Anyway, the prequel is called Sunrise on the Reaping, and it's set around 25 years before Katniss entered the Hunger Games and changed the shape of Panem. Check out the back-of-book description:
"As the day dawns on the 50th annual Hunger Games, fear grips the districts of Panem. This year, in honor of the Quarter Quell, twice as many tributes will be taken from their homes. Back in District 12, Haymitch Abernathy is trying not to think too hard about his chances. All he cares about is making it through the day and being with the girl he loves. When Haymitch’s name is called, he can feel all his dreams break. He’s torn from his family and his love, shuttled to the Capitol with the three other District 12 tributes: a young friend who’s nearly a sister to him, a compulsive oddsmaker, and the most stuck-up girl in town. As the Games begin, Haymitch understands he’s been set up to fail. But there’s something in him that wants to fight … and have that fight reverberate far beyond the deadly arena."
It's a little late to give context, but the Hunger Games are a yearly event where the dystopian government recruits kids from each of its 12 districts and forces them to fight to the death for the amusement of the wealthy, mostly as a means to reinforce those districts' place at the bottom of the hierarchy. Every 25 years they have a Quarter Quell where they scramble the rules. But you know something? I think that, this year, the downtrodden might. Rise. Up!
Or something.
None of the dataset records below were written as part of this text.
Section FpsIdomain.
Variable R : idomainType.
Lemma fps_integral : GRing.integral_domain_axiom (fps R).
Proof.
move=> f g fg0; apply/negPn/negP; rewrite negb_or => /andP[nf ng].
have exf : exists i, fcoef f i != 0.
  apply/not_existsP => H; apply/negP: nf; rewrite negbK; apply/eqP/fps_ext => n.
  by have /negP := H n; rewrite negbK => /eqP ->.
have exg : exists i, fcoef g i != 0.
  apply/not_existsP => H; apply/negP: ng; rewrite negbK; apply/eqP/fps_ext => n.
  by have /negP := H n; rewrite negbK => /eqP ->.
case: (ex_minnP exf) => i fi mi; case: (ex_minnP exg) => j gj mj.
have : fcoef (f * g) (i + j) = fcoef f i * fcoef g j.
  rewrite fcoefM (bigD1 (Ordinal (leq_addr j i : i < (i + j).+1)%N)) //= addKn.
  rewrite big1 ?addr0 // => l nl.
  have nli : (l : nat) != i by move: nl; apply: contra => /eqP e; apply/eqP/val_inj.
  have [lti|] := ltnP l i.
    have : fcoef f l == 0 by apply/negPn/negP => /mi; rewrite leqNgt lti.
    by move/eqP ->; rewrite mul0r.
  rewrite leq_eqVlt eq_sym (negbTE nli) /= => ilt.
  have : fcoef g (i + j - l) == 0.
    apply/negPn/negP => /mj; rewrite leqNgt; apply/negP/negPn.
    by have := ltn_ord l; lia.
  by move/eqP ->; rewrite mulr0.
by rewrite fg0 fcoef0 => /esym/eqP; rewrite mulf_eq0 (negbTE fi) (negbTE gj).
Qed.
HB.instance Definition _ := GRing.ComUnitRing_isIntegral.Build (fps R) fps_integral.
End FpsIdomain.

Fixpoint mfps (R : idomainType) (k : nat) : idomainType :=
  match k with 0 => R | k'.+1 => (fps (mfps R k') : idomainType) end.

(* Multivariate formal power series  R[[x_0, ..., x_{k-1}]]  as iterated     *)
(* univariate ones: mfps R k.+1 = (mfps R k)[[x_k]].  A coefficient function *)
(* c : seq nat -> R is read on exponent lists a of length k, a`_l being the  *)
(* exponent of x_l.                                                          *)

Notation "x %:F" := (@FracField.tofrac _ x) : ring_scope.

Fixpoint mfps_of (R : idomainType) (k : nat) : (seq nat -> R) -> mfps R k :=
  match k with
  | 0 => fun c => c [::]
  | k'.+1 => fun c => (FPS (fun n => mfps_of k' (fun s => c (rcons s n)))
                       : fps (mfps R k'))
  end.

Fixpoint mmap (R S : idomainType) (f : R -> S) (k : nat) : mfps R k -> mfps S k :=
  match k with
  | 0 => fun x => f x
  | k'.+1 => fun x => (FPS (fun n => mmap f (fcoef x n)) : fps (mfps S k'))
  end.

Definition mconst (R : idomainType) (k : nat) (r : R) : mfps R k :=
  mfps_of k (fun a => if all (fun e => e == 0%N) a then r else 0).

(* univariate series  \sum_e c e * x_l^e  in the variable x_l *)
Definition mser (R : idomainType) (k l : nat) (c : nat -> R) : mfps R k :=
  mfps_of k (fun a =>
    if a == [seq (if j == l then nth 0%N a l else 0%N) | j <- iota 0 k]
    then c (nth 0%N a l) else 0).

Definition mvar (R : idomainType) (k l : nat) : mfps R k :=
  mser k l (fun e => (e == 1%N)%:R).

(* y_l := 1 / x_l, in the fraction field of R[[x_0..x_{k-1}]]; thus a       *)
(* formal power series in 1/y_0, ..., 1/y_{k-1}.                             *)
Definition yvar (R : idomainType) (k l : nat) : {fraction mfps R k} :=
  ((mvar R k l)%:F)^-1.

(* The formal expansion of 1/(u - y_l) = - \sum_{i>=0} u^i y_l^{-i-1},       *)
(* a series in 1/y_l with coefficients in K[u].                              *)
Definition cauchy_kernel (K : fieldType) (k l : nat) : mfps {poly K} k :=
  mser k l (fun e => if e is i.+1 then - 'X^i else 0).

(* \int f(u) d\mu(u) for a formal series f with coefficients in K[u]:        *)
(* L applied coefficientwise.                                                 *)
Definition fint (K : fieldType) (L : {poly K} -> K) (k : nat)
  (f : mfps {poly K} k) : mfps K k := mmap L f.

(* \int u^m d\mu(u) / \prod_{l=1}^k (u - y_l) *)
Definition int_mono (K : fieldType) (L : {poly K} -> K) (k m : nat) : mfps K k :=
  fint L (mconst k ('X^m) * \prod_(l < k) cauchy_kernel K k l).

(* q_n(y_l) = \int p_n(u) / (y_l - u) d\mu(u) *)
Definition qfun (K : fieldType) (L : {poly K} -> K) (p : nat -> {poly K})
  (k n l : nat) : mfps K k :=
  fint L (mconst k (p n) * - cauchy_kernel K k l).

Definition hankel (K : fieldType) (L : {poly K} -> K) (m : nat) : K :=
  \det (\matrix_(i < m, j < m) L 'X^(i + j)).

Definition vandermonde_y (K : fieldType) (k : nat) : {fraction mfps K k} :=
  \prod_(i < k) \prod_(j < k | (i < j)%N) (yvar K k i - yvar K k j).

(* Work in the fraction field F of K[[x_0, ..., x_(k-1)]], with y_l = 1/x_l, and
   let nu be the F-linear functional P |-> \int P(u) d\mu(u) / \prod_l (u - y_l)
   on F[u].  The formal Cauchy kernel is a genuine inverse of u - y_l, hence
   nu (f * \prod_l (u - y_l)) = L f and nu (f * \prod_(m <> l) (u - y_m)) = - q_f(y_l).
   The Hankel determinant det (nu (u^(i+j))) does not change when u^i and u^j are
   replaced by monic polynomials of degrees i and j.  For n >= k use p_i for the
   rows and u^j (j < k), p_(j-k) * \prod_l (u - y_l) (j >= k) for the columns: the
   matrix becomes block anti-triangular, with the diagonal block
   diag (omega_0, ..., omega_(n-k-1)) of determinant det (mu_(i+j)) and the block
   nu (p_(n-k+i) u^j).  Multiplying the latter by the coefficient matrix of the
   Lagrange polynomials \prod_(m <> l) (u - y_m), of determinant
   \prod_(i<j) (y_i - y_j), yields the matrix (-q_(n-k+i)(y_l)).  For n < k the
   n x n matrix is first bordered by k - n rows of divided differences of u^s at
   the y_l, which vanish for s < k - 1 and equal 1 for s = k - 1; against the
   Lagrange coefficients they produce the monomial columns of N. *)

From HB Require Import structures.
From mathcomp Require Import all_boot all_order all_algebra.
From mathcomp Require Import zify ring perm.
Set Implicit Arguments. Unset Strict Implicit. Unset Printing Implicit Defensive.
Import Order.TTheory GRing.Theory.
Local Open Scope ring_scope.

Section FpsConst.
Variable R : comNzRingType.
Implicit Types (c : R) (f : fps R).

Definition fpsC c : fps R := FPS (fun n => if n == 0%N then c else 0).
Definition fpsX : fps R := FPS (fun n => (n == 1%N)%:R).

Lemma mul_fpsC c f : fpsC c * f = FPS (fun n => c * fcoef f n).
Proof.
apply: fps_ext => n; rewrite fcoefM big_ord_recl /= subn0.
by rewrite big1 ?addr0 // => j _; rewrite mul0r.
Qed.

Lemma mul_fpsX f : fpsX * f = FPS (fun n => if n is n'.+1 then fcoef f n' else 0).
Proof.
apply: fps_ext => -[|n]; rewrite fcoefM.
  by rewrite big_ord_recl big_ord0 /= mul0r addr0.
rewrite big_ord_recl /= mul0r add0r big_ord_recl /= mul1r subSS subn0.
by rewrite big1 ?addr0 // => j _; rewrite mul0r.
Qed.

Lemma fpsC_is_zmod_morphism : zmod_morphism fpsC.
Proof. by move=> a b; apply: fps_ext => -[|n] /=; rewrite ?subr0. Qed.

Lemma fpsC_is_monoid_morphism : monoid_morphism fpsC.
Proof.
split=> [|a b]; first by apply: fps_ext => -[|n].
by rewrite mul_fpsC; apply: fps_ext => -[|n] /=; rewrite ?mulr0.
Qed.

HB.instance Definition _ := GRing.isZmodMorphism.Build R (fps R) fpsC
  fpsC_is_zmod_morphism.
HB.instance Definition _ := GRing.isMonoidMorphism.Build R (fps R) fpsC
  fpsC_is_monoid_morphism.

Lemma fpsC_inj : injective fpsC.
Proof. by move=> a b /(congr1 (fun F => fcoef F 0)). Qed.

End FpsConst.

Definition map_fps (R S : Type) (f : R -> S) (F : fps R) : fps S :=
  FPS (fun n => f (fcoef F n)).

Section MapFps.
Variables (R S : comNzRingType) (f : {additive R -> S}).

Lemma map_fpsC c : map_fps f (fpsC c) = fpsC (f c).
Proof. by apply: fps_ext => -[|n] /=; rewrite ?raddf0. Qed.

Lemma map_fpsM : {morph f : a b / a * b} ->
  {morph map_fps f : F G / F * G}.
Proof.
move=> fM F G; apply: fps_ext => n.
transitivity (f (fcoef (F * G) n)); first by [].
rewrite !fcoefM raddf_sum.
by apply: eq_bigr => j _; rewrite fM.
Qed.

End MapFps.

Section MultivariateFps.
Variable R : idomainType.

Lemma eq_mfps_of k (c c' : seq nat -> R) :
  (forall s, size s = k -> c s = c' s) -> mfps_of k c = mfps_of k c'.
Proof.
elim: k c c' => [|k IH] c c' cc'; first exact: cc'.
by apply: fps_ext => n /=; apply: IH => s sk; rewrite cc' // size_rcons sk.
Qed.

Lemma mfps_of0 k : mfps_of k (fun=> 0 : R) = 0.
Proof. by elim: k => [|k IH] //; apply: fps_ext => n /=; exact: IH. Qed.

Lemma mconstS k (r : R) : mconst k.+1 r = fpsC (mconst k r).
Proof.
apply: fps_ext => n /=; rewrite /mconst /=; case: eqP => [->|/eqP n0].
  by apply: eq_mfps_of => s _; rewrite all_rcons.
rewrite -(mfps_of0 k); apply: eq_mfps_of => s _.
by rewrite all_rcons /= (negbTE n0).
Qed.

Lemma mconst_is_zmod_morphism k : zmod_morphism (@mconst R k).
Proof. by elim: k => [//|k IH] a b; rewrite !mconstS IH rmorphB. Qed.

Lemma mconst_is_monoid_morphism k : monoid_morphism (@mconst R k).
Proof.
elim: k => [//|k [IH1 IHM]]; split=> [|a b]; rewrite !mconstS.
  by rewrite IH1 rmorph1.
by rewrite IHM rmorphM.
Qed.

HB.instance Definition _ k := GRing.isZmodMorphism.Build R (mfps R k)
  (@mconst R k) (@mconst_is_zmod_morphism k).
HB.instance Definition _ k := GRing.isMonoidMorphism.Build R (mfps R k)
  (@mconst R k) (@mconst_is_monoid_morphism k).

End MultivariateFps.

Section VariableSeries.
Variable R : idomainType.

Lemma fcoef_mfps_of k (c : seq nat -> R) n :
  fcoef (mfps_of k.+1 c) n = mfps_of k (fun s => c (rcons s n)).
Proof. by []. Qed.

Lemma mserS k l (c : nat -> R) : (l <= k)%N ->
  mser k.+1 l c = if (l < k)%N then fpsC (mser k l c)
                  else FPS (fun n => mconst k (c n)).
Proof.
have iotaSr m : iota 0 m.+1 = rcons (iota 0 m) m by rewrite -addn1 iotaD cats1.
rewrite leq_eqVlt => /predU1P[->|lk]; rewrite ?ltnn ?lk; apply: fps_ext => n;
  rewrite /mser fcoef_mfps_of [RHS]/=.
  rewrite /mconst; apply: eq_mfps_of => s sk.
  rewrite iotaSr map_rcons eqseq_rcons nth_rcons sk ltnn !eqxx andbT.
  have -> : [seq (if j == k then n else 0%N) | j <- iota 0 k] = nseq k 0%N.
    apply: (@eq_from_nth _ 0%N); rewrite size_map size_iota ?size_nseq // => i ik.
    by rewrite (nth_map 0%N) ?size_iota // nth_iota // nth_nseq ik ltn_eqF.
  have -> : (s == nseq k 0%N) = all (pred1 0%N) s.
    by rewrite -sk; apply/eqP/all_pred1P.
  by [].
case: (eqVneq n 0%N) => [->|n0]; last rewrite -(mfps_of0 R k);
  apply: eq_mfps_of => s sk;
  rewrite iotaSr map_rcons eqseq_rcons nth_rcons sk lk (gtn_eqF lk) ?andbT //.
by rewrite (negbTE n0) andbF.
Qed.

Lemma mser_fpsC k l (r : R) : (l < k)%N -> mser k l (fcoef (fpsC r)) = mconst k r.
Proof.
elim: k => [//|k IH]; rewrite ltnS => lk; rewrite mserS // mconstS.
case: ltnP => [/IH-> //|_]; apply: fps_ext => -[|n] //=.
by rewrite rmorph0.
Qed.

Lemma mser_fcoefB k l (F G : fps R) : (l < k)%N ->
  mser k l (fcoef (F - G)) = mser k l (fcoef F) - mser k l (fcoef G).
Proof.
elim: k => [//|k IH]; rewrite ltnS => lk; rewrite !mserS //.
case: ltnP => [/IH-> //|_]; first exact: rmorphB.
by apply: fps_ext => n /=; rewrite rmorphB.
Qed.

Lemma mser_fcoefM k l (F G : fps R) : (l < k)%N ->
  mser k l (fcoef (F * G)) = mser k l (fcoef F) * mser k l (fcoef G).
Proof.
elim: k => [//|k IH]; rewrite ltnS => lk; rewrite !mserS //.
case: ltnP => [/IH-> //|_]; first exact: rmorphM.
exact: (map_fpsM (rmorphM (@mconst R k))).
Qed.

Lemma mvar_neq0 k l : (l < k)%N -> mvar R k l != 0.
Proof.
elim: k => [//|k IH]; rewrite ltnS => lk; rewrite /mvar mserS //.
case: ltnP => [/IH lk' | _]; first by rewrite raddf_eq0 //; exact: fpsC_inj.
by apply/eqP => /(congr1 (fun F => fcoef F 1)) /eqP; rewrite /= rmorph1 oner_eq0.
Qed.

Lemma mvar_inj k l m : (l < k)%N -> (m < k)%N -> mvar R k l = mvar R k m -> l = m.
Proof.
elim: k l m => [//|k IH] l m; rewrite !ltnS => lk mk.
have coef1 a : (a <= k)%N -> fcoef (mvar R k.+1 a) 1 = (a == k)%:R.
  rewrite /mvar => ak; rewrite mserS //; case: ltnP => [ak' | ka] /=.
    by rewrite ltn_eqF.
  by rewrite rmorph1 (_ : a = k) ?eqxx //; apply/eqP; rewrite eqn_leq ak ka.
move=> e; have := congr1 (fun F => fcoef F 1) e; rewrite !coef1 //.
case: (eqVneq l k) => [->|lk']; case: (eqVneq m k) => [->|mk'] //=.
- by move/eqP; rewrite oner_eq0.
- by move/eqP; rewrite eq_sym oner_eq0.
move=> _; move: e; rewrite /mvar !mserS // ltn_neqAle lk' lk ltn_neqAle mk' mk /=.
by move/fpsC_inj; apply: IH; rewrite ltn_neqAle ?lk' ?mk'.
Qed.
Check out the cover for Sunrise on the Reaping below:
The Hunger Games books have a long history of creating interesting symbols. This new one is a snake and a bird sharing one long body with some spikes in the middle. Scholastic vice president David Levithan explained it to Today:
"The spiky sun rises on a symbol that will come to mean a lot to Haymitch Abernathy, as well as countless readers. Artist Tim O’Brien has created yet another iconic Hunger Games cover—this one symbolically exploring one of the central themes of the series: how conflicting forces can be connected by their common nature, the songbird and the snake springing from the same source."
Sunrise on the Reaping will hit book shelves on March 18. As for who will play a young Haymitch Abernathy whenever the movie gets made, that's still an open question. In the original movies, a middle-aged Haymitch was played by Woody Harrelson. According to The A.V. Club, fancasts for a younger Haymitch have ranged from Challengers star Mike Faist to House of the Dragon star Tom Glynn-Carney, who as King Aegon II Targaryen does kind of have a Harrelsen-esque dishevelement about him. Both are probably too old to play teens, though. We'll keep our ears to the ground for more info.